(MATERIAL PROVIDED Opens)

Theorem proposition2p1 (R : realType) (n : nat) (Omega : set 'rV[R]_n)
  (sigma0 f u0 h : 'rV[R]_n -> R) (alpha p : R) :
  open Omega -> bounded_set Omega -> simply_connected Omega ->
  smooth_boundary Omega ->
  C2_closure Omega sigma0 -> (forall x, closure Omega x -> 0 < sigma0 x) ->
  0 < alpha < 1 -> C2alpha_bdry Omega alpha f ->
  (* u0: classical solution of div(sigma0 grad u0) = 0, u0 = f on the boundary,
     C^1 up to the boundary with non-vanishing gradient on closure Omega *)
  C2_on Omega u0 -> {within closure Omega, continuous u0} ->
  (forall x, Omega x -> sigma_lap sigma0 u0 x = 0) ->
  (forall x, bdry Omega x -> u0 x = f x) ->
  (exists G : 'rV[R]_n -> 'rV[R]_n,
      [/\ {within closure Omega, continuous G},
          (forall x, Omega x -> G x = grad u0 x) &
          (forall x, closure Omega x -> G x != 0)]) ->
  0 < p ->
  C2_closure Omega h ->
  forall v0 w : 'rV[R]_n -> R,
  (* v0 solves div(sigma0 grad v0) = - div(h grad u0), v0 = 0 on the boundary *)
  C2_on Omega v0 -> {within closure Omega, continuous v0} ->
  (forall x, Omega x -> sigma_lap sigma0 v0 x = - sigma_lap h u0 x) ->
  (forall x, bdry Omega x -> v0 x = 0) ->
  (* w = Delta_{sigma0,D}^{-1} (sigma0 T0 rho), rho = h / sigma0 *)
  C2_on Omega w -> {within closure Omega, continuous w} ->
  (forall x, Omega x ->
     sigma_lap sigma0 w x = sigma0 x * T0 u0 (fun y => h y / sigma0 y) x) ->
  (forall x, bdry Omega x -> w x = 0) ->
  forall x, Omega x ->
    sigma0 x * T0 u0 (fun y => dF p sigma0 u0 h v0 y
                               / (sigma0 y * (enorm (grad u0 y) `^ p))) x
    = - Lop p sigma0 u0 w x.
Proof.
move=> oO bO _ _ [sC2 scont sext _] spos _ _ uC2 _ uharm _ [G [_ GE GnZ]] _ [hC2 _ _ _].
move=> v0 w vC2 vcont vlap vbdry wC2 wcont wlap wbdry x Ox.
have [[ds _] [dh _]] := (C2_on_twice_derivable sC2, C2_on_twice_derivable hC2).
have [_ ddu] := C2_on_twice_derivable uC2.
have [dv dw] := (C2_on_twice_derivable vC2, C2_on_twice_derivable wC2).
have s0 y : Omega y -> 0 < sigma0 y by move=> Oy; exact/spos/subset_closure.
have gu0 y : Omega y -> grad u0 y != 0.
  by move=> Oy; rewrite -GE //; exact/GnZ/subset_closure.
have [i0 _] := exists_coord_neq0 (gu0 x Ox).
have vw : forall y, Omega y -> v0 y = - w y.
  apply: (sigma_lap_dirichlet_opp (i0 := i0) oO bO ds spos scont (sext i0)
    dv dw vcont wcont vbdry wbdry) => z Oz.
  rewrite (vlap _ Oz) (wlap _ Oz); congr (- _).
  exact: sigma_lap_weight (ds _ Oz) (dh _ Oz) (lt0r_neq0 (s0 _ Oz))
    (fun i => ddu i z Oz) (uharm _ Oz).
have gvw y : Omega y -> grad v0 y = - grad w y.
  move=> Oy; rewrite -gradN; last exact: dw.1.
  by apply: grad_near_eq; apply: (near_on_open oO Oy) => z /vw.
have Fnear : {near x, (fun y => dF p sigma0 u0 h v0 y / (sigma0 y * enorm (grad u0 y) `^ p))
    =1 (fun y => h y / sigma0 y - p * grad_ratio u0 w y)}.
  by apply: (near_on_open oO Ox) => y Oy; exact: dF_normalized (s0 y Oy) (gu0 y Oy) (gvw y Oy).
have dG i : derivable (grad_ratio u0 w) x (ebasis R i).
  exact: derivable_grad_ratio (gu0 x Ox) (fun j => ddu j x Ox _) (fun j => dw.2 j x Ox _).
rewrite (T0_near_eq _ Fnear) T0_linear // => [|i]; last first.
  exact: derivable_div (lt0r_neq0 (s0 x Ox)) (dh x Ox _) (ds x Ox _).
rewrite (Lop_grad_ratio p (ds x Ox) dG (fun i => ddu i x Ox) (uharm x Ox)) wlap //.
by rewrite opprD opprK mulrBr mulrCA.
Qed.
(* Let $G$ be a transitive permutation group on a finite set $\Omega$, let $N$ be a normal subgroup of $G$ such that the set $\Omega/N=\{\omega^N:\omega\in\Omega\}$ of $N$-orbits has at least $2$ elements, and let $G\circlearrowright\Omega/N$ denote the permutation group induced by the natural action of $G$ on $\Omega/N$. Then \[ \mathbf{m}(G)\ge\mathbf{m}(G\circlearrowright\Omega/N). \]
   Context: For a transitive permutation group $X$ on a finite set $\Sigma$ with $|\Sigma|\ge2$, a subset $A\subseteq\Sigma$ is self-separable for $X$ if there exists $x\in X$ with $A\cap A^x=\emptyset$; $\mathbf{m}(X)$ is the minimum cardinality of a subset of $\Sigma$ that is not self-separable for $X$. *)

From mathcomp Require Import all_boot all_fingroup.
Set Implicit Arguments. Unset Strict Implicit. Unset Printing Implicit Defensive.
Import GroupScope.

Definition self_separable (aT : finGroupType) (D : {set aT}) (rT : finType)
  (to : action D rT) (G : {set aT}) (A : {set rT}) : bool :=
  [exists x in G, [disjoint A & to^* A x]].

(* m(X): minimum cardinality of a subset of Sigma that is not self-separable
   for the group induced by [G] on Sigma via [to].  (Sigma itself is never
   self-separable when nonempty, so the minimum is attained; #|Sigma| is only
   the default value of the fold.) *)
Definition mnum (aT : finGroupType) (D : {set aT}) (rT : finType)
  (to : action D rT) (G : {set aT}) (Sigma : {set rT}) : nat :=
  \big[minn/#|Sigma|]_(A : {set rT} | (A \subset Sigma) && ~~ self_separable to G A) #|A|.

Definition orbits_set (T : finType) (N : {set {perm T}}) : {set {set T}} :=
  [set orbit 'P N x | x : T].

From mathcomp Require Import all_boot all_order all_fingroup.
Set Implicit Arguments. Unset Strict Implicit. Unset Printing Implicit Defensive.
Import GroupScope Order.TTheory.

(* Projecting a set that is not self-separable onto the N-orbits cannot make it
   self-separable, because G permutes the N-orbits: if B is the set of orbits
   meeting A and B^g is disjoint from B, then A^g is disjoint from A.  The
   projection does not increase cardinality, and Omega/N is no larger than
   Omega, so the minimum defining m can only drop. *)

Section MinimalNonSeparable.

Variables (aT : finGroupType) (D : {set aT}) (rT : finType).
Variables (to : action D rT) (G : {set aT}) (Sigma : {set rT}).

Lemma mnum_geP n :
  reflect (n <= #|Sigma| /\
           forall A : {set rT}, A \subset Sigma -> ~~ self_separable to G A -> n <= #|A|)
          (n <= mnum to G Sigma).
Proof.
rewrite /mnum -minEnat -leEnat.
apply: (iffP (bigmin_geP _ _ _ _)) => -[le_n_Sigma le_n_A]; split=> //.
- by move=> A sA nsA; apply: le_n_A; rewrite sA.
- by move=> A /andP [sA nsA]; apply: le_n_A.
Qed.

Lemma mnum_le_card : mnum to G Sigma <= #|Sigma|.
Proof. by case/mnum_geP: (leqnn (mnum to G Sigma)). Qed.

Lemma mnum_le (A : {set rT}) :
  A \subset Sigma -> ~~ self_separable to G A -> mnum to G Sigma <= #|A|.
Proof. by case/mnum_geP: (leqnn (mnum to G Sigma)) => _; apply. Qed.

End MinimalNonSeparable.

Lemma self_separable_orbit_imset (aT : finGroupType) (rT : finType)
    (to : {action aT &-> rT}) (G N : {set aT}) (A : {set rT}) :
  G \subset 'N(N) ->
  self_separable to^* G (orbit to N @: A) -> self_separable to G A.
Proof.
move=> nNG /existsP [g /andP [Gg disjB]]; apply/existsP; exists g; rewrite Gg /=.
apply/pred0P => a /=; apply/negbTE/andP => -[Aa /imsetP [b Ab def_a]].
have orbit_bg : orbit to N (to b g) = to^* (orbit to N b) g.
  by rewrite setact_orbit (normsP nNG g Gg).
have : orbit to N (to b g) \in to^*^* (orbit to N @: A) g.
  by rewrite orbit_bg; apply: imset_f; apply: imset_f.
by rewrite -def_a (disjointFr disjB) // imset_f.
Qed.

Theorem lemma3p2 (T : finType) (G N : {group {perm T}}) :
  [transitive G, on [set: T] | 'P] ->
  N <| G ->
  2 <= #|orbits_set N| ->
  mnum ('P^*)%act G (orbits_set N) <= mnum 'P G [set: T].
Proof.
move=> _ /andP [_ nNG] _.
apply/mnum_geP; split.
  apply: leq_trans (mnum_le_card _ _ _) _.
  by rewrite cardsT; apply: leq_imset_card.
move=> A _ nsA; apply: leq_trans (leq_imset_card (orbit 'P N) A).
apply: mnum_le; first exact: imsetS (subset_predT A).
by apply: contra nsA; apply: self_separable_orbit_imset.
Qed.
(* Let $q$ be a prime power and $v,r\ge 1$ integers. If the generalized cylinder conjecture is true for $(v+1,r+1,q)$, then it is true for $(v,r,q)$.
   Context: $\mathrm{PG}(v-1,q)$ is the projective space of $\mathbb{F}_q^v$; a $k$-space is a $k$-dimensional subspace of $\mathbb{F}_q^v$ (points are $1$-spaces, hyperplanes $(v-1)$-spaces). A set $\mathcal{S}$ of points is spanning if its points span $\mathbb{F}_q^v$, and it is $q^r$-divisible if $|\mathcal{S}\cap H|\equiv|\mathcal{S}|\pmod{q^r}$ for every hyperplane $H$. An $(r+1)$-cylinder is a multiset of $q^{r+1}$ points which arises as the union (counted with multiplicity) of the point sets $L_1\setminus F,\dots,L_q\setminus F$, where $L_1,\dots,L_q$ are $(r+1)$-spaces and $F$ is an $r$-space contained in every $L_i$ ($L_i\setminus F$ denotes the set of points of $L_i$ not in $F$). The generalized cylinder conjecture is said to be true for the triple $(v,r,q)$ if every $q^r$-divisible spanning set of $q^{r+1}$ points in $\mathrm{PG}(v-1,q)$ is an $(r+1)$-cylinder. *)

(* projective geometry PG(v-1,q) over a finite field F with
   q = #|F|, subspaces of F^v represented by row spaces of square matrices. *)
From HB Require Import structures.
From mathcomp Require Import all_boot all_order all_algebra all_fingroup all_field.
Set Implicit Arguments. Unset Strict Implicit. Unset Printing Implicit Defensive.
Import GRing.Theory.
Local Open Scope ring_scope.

(MATERIAL PROVIDED Closes)

> **EXERCISE BRIEF**:
Reproduce the lines of the entries above from the one with "have gu0 y : Omega y -> grad u0 y != 0." to the one with "apply: (sigma_lap_dirichlet_opp (i0", both included, exactly and without any other line.

> **PROBLEM SOLUTION**:
have gu0 y : Omega y -> grad u0 y != 0.
  by move=> Oy; rewrite -GE //; exact/GnZ/subset_closure.
have [i0 _] := exists_coord_neq0 (gu0 x Ox).
have vw : forall y, Omega y -> v0 y = - w y.
  apply: (sigma_lap_dirichlet_opp (i0 := i0) oO bO ds spos scont (sext i0)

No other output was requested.